* _WHAT YOU NEED TO DO_
The lines to repeat are those below from the one containing "move=> n_gt2 hx hy /eqP hxy." down to the one containing "have down_adj : cyc_adj x down.", both included; reproduce them exactly and nothing else.

* _DATA FOR REVIEW_

- - - -

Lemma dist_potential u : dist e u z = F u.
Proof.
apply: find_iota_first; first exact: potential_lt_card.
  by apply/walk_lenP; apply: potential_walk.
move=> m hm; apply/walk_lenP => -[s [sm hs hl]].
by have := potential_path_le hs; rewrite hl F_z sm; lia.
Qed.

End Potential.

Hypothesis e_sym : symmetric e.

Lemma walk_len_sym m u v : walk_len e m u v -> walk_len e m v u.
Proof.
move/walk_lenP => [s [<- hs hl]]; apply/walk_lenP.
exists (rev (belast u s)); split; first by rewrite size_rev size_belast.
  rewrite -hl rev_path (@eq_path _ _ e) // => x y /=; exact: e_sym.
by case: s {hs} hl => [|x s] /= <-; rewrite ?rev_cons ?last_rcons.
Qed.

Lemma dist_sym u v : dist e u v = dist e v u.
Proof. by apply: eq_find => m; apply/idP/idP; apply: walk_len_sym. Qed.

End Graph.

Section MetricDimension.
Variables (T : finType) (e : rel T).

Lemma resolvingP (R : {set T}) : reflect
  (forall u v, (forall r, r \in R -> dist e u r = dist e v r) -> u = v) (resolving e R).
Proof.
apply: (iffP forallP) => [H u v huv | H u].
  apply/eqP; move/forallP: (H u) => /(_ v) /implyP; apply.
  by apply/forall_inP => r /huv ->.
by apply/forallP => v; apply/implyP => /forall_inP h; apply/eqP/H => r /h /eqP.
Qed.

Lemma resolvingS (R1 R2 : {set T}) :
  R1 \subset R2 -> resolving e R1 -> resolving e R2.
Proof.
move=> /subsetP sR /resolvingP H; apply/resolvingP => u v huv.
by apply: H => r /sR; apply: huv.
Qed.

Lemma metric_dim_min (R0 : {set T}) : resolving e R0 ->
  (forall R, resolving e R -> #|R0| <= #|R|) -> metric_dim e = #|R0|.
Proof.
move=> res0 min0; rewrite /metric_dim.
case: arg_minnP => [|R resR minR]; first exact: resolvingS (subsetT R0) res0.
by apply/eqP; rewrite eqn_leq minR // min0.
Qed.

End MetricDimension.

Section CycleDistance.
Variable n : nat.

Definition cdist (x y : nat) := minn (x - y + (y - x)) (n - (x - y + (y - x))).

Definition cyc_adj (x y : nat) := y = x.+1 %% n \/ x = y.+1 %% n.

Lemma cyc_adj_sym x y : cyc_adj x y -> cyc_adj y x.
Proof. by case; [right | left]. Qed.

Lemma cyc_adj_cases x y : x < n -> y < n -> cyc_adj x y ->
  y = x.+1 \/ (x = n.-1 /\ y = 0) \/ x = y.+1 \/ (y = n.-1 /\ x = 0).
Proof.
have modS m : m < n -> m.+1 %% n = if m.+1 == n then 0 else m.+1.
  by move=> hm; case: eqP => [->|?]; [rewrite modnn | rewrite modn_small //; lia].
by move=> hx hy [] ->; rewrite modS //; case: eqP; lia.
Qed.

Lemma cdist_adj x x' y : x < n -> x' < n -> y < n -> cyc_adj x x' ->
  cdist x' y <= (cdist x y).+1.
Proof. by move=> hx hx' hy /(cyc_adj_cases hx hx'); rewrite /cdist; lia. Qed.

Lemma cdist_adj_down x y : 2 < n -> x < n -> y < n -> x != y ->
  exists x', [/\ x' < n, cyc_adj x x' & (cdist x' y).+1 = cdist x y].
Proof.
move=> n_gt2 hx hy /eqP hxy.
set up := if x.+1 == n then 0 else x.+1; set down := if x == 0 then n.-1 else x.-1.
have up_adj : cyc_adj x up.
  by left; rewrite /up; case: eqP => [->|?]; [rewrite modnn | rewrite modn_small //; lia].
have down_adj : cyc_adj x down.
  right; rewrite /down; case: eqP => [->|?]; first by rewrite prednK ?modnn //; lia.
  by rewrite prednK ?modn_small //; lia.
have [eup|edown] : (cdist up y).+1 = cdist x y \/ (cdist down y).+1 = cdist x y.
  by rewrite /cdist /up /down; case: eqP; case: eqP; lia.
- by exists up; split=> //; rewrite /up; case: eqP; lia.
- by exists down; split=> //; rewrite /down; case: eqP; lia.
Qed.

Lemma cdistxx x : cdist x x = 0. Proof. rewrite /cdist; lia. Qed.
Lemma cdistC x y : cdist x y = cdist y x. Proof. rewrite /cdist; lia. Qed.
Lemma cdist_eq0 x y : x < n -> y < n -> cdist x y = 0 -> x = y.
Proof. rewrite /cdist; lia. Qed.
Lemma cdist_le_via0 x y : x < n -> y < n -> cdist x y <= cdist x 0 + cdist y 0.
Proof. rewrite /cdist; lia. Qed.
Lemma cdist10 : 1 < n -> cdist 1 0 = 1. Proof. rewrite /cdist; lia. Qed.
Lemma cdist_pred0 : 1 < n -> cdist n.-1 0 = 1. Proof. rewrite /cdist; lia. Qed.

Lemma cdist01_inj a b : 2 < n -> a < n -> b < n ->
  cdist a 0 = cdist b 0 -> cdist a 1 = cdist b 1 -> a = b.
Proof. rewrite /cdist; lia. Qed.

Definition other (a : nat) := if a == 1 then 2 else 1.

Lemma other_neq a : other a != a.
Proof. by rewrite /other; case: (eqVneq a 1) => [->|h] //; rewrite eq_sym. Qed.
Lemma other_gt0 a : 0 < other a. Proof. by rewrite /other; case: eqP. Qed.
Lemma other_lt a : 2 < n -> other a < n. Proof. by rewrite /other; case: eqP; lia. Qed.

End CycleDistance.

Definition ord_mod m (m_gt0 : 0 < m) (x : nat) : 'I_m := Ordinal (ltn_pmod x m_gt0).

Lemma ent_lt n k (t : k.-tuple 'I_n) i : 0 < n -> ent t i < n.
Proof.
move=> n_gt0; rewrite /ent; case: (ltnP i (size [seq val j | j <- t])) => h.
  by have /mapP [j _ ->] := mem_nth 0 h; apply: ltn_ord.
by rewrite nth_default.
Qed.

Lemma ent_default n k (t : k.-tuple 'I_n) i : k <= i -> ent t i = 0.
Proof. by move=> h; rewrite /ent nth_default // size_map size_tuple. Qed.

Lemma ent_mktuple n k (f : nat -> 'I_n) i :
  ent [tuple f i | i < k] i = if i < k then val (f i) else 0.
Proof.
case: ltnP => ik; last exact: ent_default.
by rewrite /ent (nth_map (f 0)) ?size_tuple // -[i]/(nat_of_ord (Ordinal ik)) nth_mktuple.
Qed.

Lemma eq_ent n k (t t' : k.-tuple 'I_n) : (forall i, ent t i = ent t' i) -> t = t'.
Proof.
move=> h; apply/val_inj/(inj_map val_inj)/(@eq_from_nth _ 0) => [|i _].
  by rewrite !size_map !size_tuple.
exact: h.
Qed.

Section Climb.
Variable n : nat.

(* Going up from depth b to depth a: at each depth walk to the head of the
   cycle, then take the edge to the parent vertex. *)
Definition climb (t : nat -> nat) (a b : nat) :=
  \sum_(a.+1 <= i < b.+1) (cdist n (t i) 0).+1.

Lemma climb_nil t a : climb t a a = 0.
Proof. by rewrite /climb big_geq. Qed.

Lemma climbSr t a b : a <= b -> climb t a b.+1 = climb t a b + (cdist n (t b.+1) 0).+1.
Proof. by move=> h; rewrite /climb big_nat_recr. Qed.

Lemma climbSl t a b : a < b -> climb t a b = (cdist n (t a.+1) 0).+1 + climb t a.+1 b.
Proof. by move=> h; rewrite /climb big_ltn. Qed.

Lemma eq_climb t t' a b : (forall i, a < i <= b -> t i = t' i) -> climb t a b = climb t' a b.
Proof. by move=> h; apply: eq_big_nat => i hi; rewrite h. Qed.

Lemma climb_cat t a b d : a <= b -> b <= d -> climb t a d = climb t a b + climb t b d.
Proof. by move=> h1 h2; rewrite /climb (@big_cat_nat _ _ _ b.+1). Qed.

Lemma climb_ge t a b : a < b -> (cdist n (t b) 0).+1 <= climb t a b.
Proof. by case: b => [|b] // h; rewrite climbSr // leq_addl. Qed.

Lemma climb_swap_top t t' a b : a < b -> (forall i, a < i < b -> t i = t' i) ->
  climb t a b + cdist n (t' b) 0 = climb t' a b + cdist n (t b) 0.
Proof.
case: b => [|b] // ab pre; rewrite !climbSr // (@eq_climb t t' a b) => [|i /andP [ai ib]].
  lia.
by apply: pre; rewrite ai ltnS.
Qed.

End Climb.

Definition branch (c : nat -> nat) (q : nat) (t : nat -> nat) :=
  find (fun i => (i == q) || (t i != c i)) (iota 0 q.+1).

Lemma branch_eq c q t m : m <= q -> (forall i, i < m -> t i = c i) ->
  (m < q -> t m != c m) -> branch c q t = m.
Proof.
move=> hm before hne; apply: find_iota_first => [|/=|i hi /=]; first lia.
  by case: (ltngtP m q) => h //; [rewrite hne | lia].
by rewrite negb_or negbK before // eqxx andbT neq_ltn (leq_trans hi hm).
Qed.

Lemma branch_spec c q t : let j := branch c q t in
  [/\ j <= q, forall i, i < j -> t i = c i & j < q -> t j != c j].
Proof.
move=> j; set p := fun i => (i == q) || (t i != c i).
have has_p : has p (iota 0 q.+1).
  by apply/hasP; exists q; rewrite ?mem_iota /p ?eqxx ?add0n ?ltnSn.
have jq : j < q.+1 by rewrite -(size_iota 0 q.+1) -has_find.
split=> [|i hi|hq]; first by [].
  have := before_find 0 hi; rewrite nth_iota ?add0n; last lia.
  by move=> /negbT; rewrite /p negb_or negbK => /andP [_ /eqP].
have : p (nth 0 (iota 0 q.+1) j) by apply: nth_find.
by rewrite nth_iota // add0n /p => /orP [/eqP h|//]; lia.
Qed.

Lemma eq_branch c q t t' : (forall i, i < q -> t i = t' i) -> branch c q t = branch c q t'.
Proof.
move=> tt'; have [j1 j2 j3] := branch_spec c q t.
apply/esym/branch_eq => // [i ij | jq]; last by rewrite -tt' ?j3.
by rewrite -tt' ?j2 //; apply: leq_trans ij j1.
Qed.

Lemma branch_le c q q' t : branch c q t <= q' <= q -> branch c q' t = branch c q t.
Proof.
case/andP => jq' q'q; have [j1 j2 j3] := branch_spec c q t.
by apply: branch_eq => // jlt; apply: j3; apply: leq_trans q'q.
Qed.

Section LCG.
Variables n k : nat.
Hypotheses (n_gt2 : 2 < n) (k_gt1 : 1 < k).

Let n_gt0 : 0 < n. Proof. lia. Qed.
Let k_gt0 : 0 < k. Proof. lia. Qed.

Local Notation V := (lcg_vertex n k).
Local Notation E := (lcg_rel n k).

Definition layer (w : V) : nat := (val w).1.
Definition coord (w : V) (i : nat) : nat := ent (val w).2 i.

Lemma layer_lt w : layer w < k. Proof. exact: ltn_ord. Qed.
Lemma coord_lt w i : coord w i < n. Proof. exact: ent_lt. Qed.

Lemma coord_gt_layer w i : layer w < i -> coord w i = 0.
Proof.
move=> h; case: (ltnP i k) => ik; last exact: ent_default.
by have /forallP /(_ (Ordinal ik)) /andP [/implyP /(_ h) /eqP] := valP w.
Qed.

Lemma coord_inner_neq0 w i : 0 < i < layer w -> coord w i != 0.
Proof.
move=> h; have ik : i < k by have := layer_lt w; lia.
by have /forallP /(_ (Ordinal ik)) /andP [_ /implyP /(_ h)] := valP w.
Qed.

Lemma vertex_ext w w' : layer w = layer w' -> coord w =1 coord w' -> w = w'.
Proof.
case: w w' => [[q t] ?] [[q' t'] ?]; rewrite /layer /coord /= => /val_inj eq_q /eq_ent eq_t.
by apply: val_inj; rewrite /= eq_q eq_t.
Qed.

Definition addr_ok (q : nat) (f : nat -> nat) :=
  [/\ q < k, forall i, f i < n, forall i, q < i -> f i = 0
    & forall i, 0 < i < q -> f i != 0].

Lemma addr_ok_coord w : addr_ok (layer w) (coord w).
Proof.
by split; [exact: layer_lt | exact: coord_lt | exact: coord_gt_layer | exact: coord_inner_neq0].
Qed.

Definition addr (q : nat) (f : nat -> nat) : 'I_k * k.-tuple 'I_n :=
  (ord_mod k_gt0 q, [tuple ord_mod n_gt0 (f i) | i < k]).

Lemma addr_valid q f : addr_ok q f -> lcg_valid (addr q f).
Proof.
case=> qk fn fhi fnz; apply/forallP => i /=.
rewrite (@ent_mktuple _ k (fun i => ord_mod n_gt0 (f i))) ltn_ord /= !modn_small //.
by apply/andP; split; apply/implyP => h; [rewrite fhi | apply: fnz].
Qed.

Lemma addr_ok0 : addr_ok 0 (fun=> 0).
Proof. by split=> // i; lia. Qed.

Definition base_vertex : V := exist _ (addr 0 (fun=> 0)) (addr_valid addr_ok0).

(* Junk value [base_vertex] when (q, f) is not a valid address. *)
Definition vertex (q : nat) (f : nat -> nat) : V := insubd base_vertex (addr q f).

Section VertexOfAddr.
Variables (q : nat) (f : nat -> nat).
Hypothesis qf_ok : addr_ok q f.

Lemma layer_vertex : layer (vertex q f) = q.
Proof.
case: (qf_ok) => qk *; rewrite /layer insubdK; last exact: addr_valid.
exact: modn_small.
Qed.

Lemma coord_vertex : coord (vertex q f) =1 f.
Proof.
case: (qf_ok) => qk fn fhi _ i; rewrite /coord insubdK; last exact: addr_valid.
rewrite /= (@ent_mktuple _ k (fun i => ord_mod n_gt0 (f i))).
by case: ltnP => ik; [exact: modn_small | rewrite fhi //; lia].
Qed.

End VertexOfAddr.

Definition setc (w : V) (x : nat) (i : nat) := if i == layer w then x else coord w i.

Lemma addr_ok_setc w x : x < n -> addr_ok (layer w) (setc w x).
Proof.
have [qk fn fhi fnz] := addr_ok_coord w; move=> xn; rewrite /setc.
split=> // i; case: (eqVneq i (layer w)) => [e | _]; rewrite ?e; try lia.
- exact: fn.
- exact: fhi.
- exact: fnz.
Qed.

- - - -

* _OUTPUT OF THE EXERCISE_
move=> n_gt2 hx hy /eqP hxy.
set up := if x.+1 == n then 0 else x.+1; set down := if x == 0 then n.-1 else x.-1.
have up_adj : cyc_adj x up.
  by left; rewrite /up; case: eqP => [->|?]; [rewrite modnn | rewrite modn_small //; lia].
have down_adj : cyc_adj x down.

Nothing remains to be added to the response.